Apache Spark has become the go-to big data processing engine for various use cases, including reading and processing Optimized Row Columnar (ORC) files from object storage services like Oracle Cloud Infrastructure (OCI) Data Flow and OCI Big Data Service. However, performance issues can arise when reading large ORC files from these cloud storage services. In this blog, we explore how we tackled an ORC file reading performance issue and achieved significant improvements by tuning specific Spark configurations.
When attempting to read ORC files from OCI Object Storage in Spark clusters, you can often encounter slow read times, resulting in long processing durations. This sluggish performance can lead to bottlenecks and adversely impact the overall efficiency of data processing pipelines.
To address the ORC file reading performance issue in Spark on Data Flow and Big Data, we experimented with various configurations and identified the following settings that delivered remarkable improvements:
These configurations use the Hadoop Distributed File System (HDFS) connector version 188.8.131.52.3.2, and they’re compatible with Hadoop 3.3.x, Spark 3.2.1, and Scala 2.12.x. Let’s look at the configurations and understand how they help enhance ORC file reading performance.

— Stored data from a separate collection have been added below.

(* Assume the setting below. Let $[q]\in R$. If $\nu(q)$ cannot be written as $\boldsymbol w\otimes\mathbf x$ with $\boldsymbol w\in\mathbb W$ and $\mathbf x\in\mathrm{Im}\mathbb H$, then the action of $T^k$ on $\mathbb{HP}^{k-1}$ is locally free at $[q]$ (i.e. the stabilizer of $[q]$ is finite). Furthermore, the action of $G_{\mathcal S}$ on $R$ is locally free.
   Context: $F$ is a 2-torus, Lie algebra $\mathfrak f\cong\mathbb{R}^2$, lattice $\Lambda\cong\mathbb{Z}^2$. $\mathcal{S}=\{u_1,\dots,u_k\}\subset\Lambda$ is an ordered set generating $\Lambda$, with cyclically consecutive elements linearly independent, each $u_i$ either $(p,0)$ with $p>0$ or with positive second coordinate, $u_1=(p,0)$, and convex ($u_1,\dots,u_k$ outward normals of a convex polygon). Set $v_1=u_1+u_k$, $v_i=u_i-u_{i-1}$ ($2\le i\le k$), $\Omega:\mathbb{R}^k\to\mathfrak f$, $e_i\mapsto v_i$, $\mathfrak g=\ker\Omega$. Conformal data: $\zeta_1,\dots,\zeta_k$ with $|\zeta_i|=1$, $0=\arg\zeta_1<\dots<\arg\zeta_k<2\pi$; $z_i=\zeta_i^{1/2}$, $0\le\arg z_i<\pi$; $\mathbb W=\mathrm{span}\{\mathrm{Re}\boldsymbol z,\mathrm{Im}\boldsymbol z\}\subset(\mathbb R^k)^*$ where $\boldsymbol z=(z_1,\dots,z_k)$; $B^*:(\mathbb R^k)^*\to\mathfrak g^*$ linear with kernel $\mathbb W$. $\mathbb H^k$ has coordinates $q_m=x_m+y_mj$; $\mathcal U=\mathbb H^k/\{\pm1\}$; $T^k$ is the diagonal torus $\{(\lambda_1,\dots,\lambda_k):\lambda_m\in U(1)\subset\mathbb C\}$ acting by $q_m\mapsto q_m\lambda_m$, modulo $(-1,\dots,-1)$, acting on $\mathcal U$ and on $\mathbb{HP}^{k-1}$ by $[q_1:\dots:q_k]\mapsto[q_1\lambda_1:\dots:q_k\lambda_k]$; its Lie algebra is $\mathbb R^k$, and $G_{\mathcal S}\subset T^k$ is the $(k-2)$-dimensional subtorus with Lie algebra $\mathfrak g$. $\nu_m(q)=(|x_m|^2-|y_m|^2,\mathrm{Re}(2ix_my_m),\mathrm{Im}(2ix_my_m))\in\mathrm{Im}\mathbb H$, $\nu=(\nu_1,\dots,\nu_k)$ viewed in $(\mathbb R^k)^*\otimes\mathrm{Im}\mathbb H$, $\mu_{\mathcal R}=B^*\circ\nu$, $P=\mu_{\mathcal R}^{-1}(0)\setminus\{0\}\subset\mathcal U$, and $R=\{[q]\in\mathbb{HP}^{k-1}:q\in P\}$. *)

From HB Require Import structures.
From mathcomp Require Import all_boot all_order all_algebra.
From mathcomp Require Import all_classical all_reals.
From mathcomp Require Import trigo.
From mathcomp Require Import complex.

Set Implicit Arguments.
Unset Strict Implicit.
Unset Printing Implicit Defensive.

Import Order.TTheory GRing.Theory Num.Theory.
Local Open Scope ring_scope.

(* Index i : 'I_k, with 0 playing the role of the paper's index 1.     *)

Definition det2 (a b : int * int) : int := a.1 * b.2 - a.2 * b.1.

Definition admissible_S (k : nat) (u : 'I_k -> int * int) : Prop :=
  (forall w : int * int, exists c : 'I_k -> int,
      w = (\sum_(i < k) c i * (u i).1, \sum_(i < k) c i * (u i).2))
  /\ (forall i : 'I_k, det2 (u i) (u (ordS i)) != 0)
  /\ (forall i : 'I_k, ((u i).2 = 0 /\ 0 < (u i).1) \/ 0 < (u i).2)
  /\ (forall i : 'I_k, val i = 0%N -> (u i).2 = 0 /\ 0 < (u i).1)
  /\ (forall i : 'I_k, ((val i).+1 < k)%N -> 0 < det2 (u i) (u (ordS i))).
Lemma avoidance_of_idempotent_points (T : comPzRingType) (F : finType)
    (e : F -> T) (M : lmodType T) n (Mk : 'I_n -> M -> Prop) :
  \sum_t e t = 1 -> (forall s t, s != t -> e s * e t = 0) ->
  (forall k, is_submodule (Mk k)) -> (forall x, exists k, Mk k x) ->
  (forall t, exists q, e t *: q = q /\ forall k, Mk k q -> forall y, Mk k (e t *: y)) ->
  exists k, forall x, Mk k x.
Proof.
move=> e_sum e_orth Mk_submod Mk_cover points.
have [q q_point] := choice points.
have [k Mk_q] := Mk_cover (\sum_t q t).
have e_q t : e t *: \sum_s q s = q t.
  rewrite scaler_sumr (bigD1 t) //= (proj1 (q_point t)) big1 ?addr0 // => s s_t.
  by rewrite -(proj1 (q_point s)) scalerA e_orth ?scale0r // eq_sym.
exists k => x; rewrite -[x]scale1r -e_sum scaler_suml.
apply: is_submodule_sum => // t; apply: (proj2 (q_point t)).
by rewrite -e_q; apply: is_submoduleZ.
Qed.

Section ProductIdempotents.
Variables (I : Type) (R : I -> comPzRingType).
Local Notation P := (dprod R).

Lemma dprodP (x y : P) : (forall i, x i = y i) -> x = y.
Proof. exact: functional_extensionality_dep. Qed.

Lemma dprod_mulE (x y : P) i : (x * y) i = x i * y i. Proof. by []. Qed.
Lemma dprod_addE (x y : P) i : (x + y) i = x i + y i. Proof. by []. Qed.
Lemma dprod_oppE (x : P) i : (- x) i = - x i. Proof. by []. Qed.

Lemma dprod_sumE (F : finType) (x : F -> P) i : (\sum_t x t) i = \sum_t x t i.
Proof. by elim/big_rec2: _ => // t a b _ <-. Qed.

Definition dprod_ind (C : I -> bool) : P := fun i => if C i then 1 else 0.

Definition dprod_inj j (a : R j) : P := fun i =>
  if pselect (j = i) is left e then eq_rect j R a i e else 0.

Definition dprod_idem j : P := dprod_inj (1 : R j).

Lemma dprod_inj_id j (a : R j) : dprod_inj a j = a.
Proof.
by rewrite /dprod_inj; case: pselect => [e|//]; rewrite (Prop_irrelevance e erefl).
Qed.
(* Let $D$ be a connected ribbon with an odd number of boxes such that $D\notin\mathfrak B$. If the length of $D$ is even, then $\mathfrak r_D$ is not $p$-positive.
   Context: A connected ribbon $D$ of composition $(\alpha_1,\dots,\alpha_\ell)$ has $\alpha_r$ consecutive boxes in row $r$ (rows numbered top to bottom), with the leftmost box of row $r$ directly above the rightmost box of row $r+1$; $\ell$ is its length. $D^t$ is the transpose and $D^\circ$ the rotation by 180 degrees. $\mathfrak r_D=\sum_T x^{c(T)}$ over fillings $T$ of $D$ with letters of $\{1'<1<2'<2<\cdots\}$ having rows and columns weakly increasing, at most one unmarked $k$ per column and at most one marked $k'$ per row; $c(T)_i$ counts entries $i$ or $i'$. $\triangle_{n,k}$ is the ribbon of composition $(1^{k-1},n-k+1)$. $\mathfrak B=\bigcup_n\mathfrak B_n$ with $\mathfrak B_n=\{\triangle_{n,1},\triangle_{n,1}^t,\triangle_{n,3},\triangle_{n,3}^t,\triangle_{n,3}^\circ,(\triangle_{n,3}^t)^\circ\}$ (only the first two when $n\le 2$). A symmetric function is $p$-positive if all its coefficients in the power sum basis are nonnegative. *)

From HB Require Import structures.
From mathcomp Require Import all_boot all_order all_algebra.
Set Implicit Arguments. Unset Strict Implicit. Unset Printing Implicit Defensive.
Import Order.TTheory GRing.Theory Num.Theory.

(* A connected ribbon is given by its composition
   alpha = [:: alpha_1; ...; alpha_l]  (all parts positive).
   Cells are pairs (row, column), rows numbered 0,1,... from top to bottom,
   columns increasing to the right (English convention).
   Row r starts at column  start alpha r = sum_{s > r} (alpha_s - 1),
   so that the leftmost box of row r is directly above the rightmost box
   of row r+1, and the bottom row starts at column 0. *)

Definition composition (alpha : seq nat) : bool := all (fun a => 0 < a) alpha.

Definition row_start (alpha : seq nat) (r : nat) : nat :=
  sumn [seq a.-1 | a <- drop r.+1 alpha].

fs.oci.io.read.ahead: Setting this configuration to true enables read-ahead functionality when accessing data from OCI Object Storage. Read-ahead allows Spark to fetch more data blocks ahead of time, reducing the latency in fetching subsequent blocks during data reading. This optimization minimizes the number of round trips required to fetch data from Object Storage.
fs.oci.io.read.ahead.blocksize: This configuration determines the size of the data blocks that Spark reads ahead of time. By setting it to "6291456" (6 MB), we found an optimal balance between read performance and memory utilization. Adjusting this value might require some experimentation based on your specific use case and data characteristics.
In addition to the two primary configurations, you can experiment with a few more settings to further tune your Spark cluster for optimal ORC file reading performance, including the following examples:
fs.oci.rename.operation.numthreads: This configuration determines the number of threads used for rename operations when working with OCI Object Storage. Renaming files can be a resource-intensive operation, especially in distributed environments like Spark clusters. By default, this value is set to 1, meaning that rename operations run sequentially. However, by increasing the number of threads to 2, you allow multiple rename operations run concurrently, potentially reducing the time required to rename files in your storage bucket.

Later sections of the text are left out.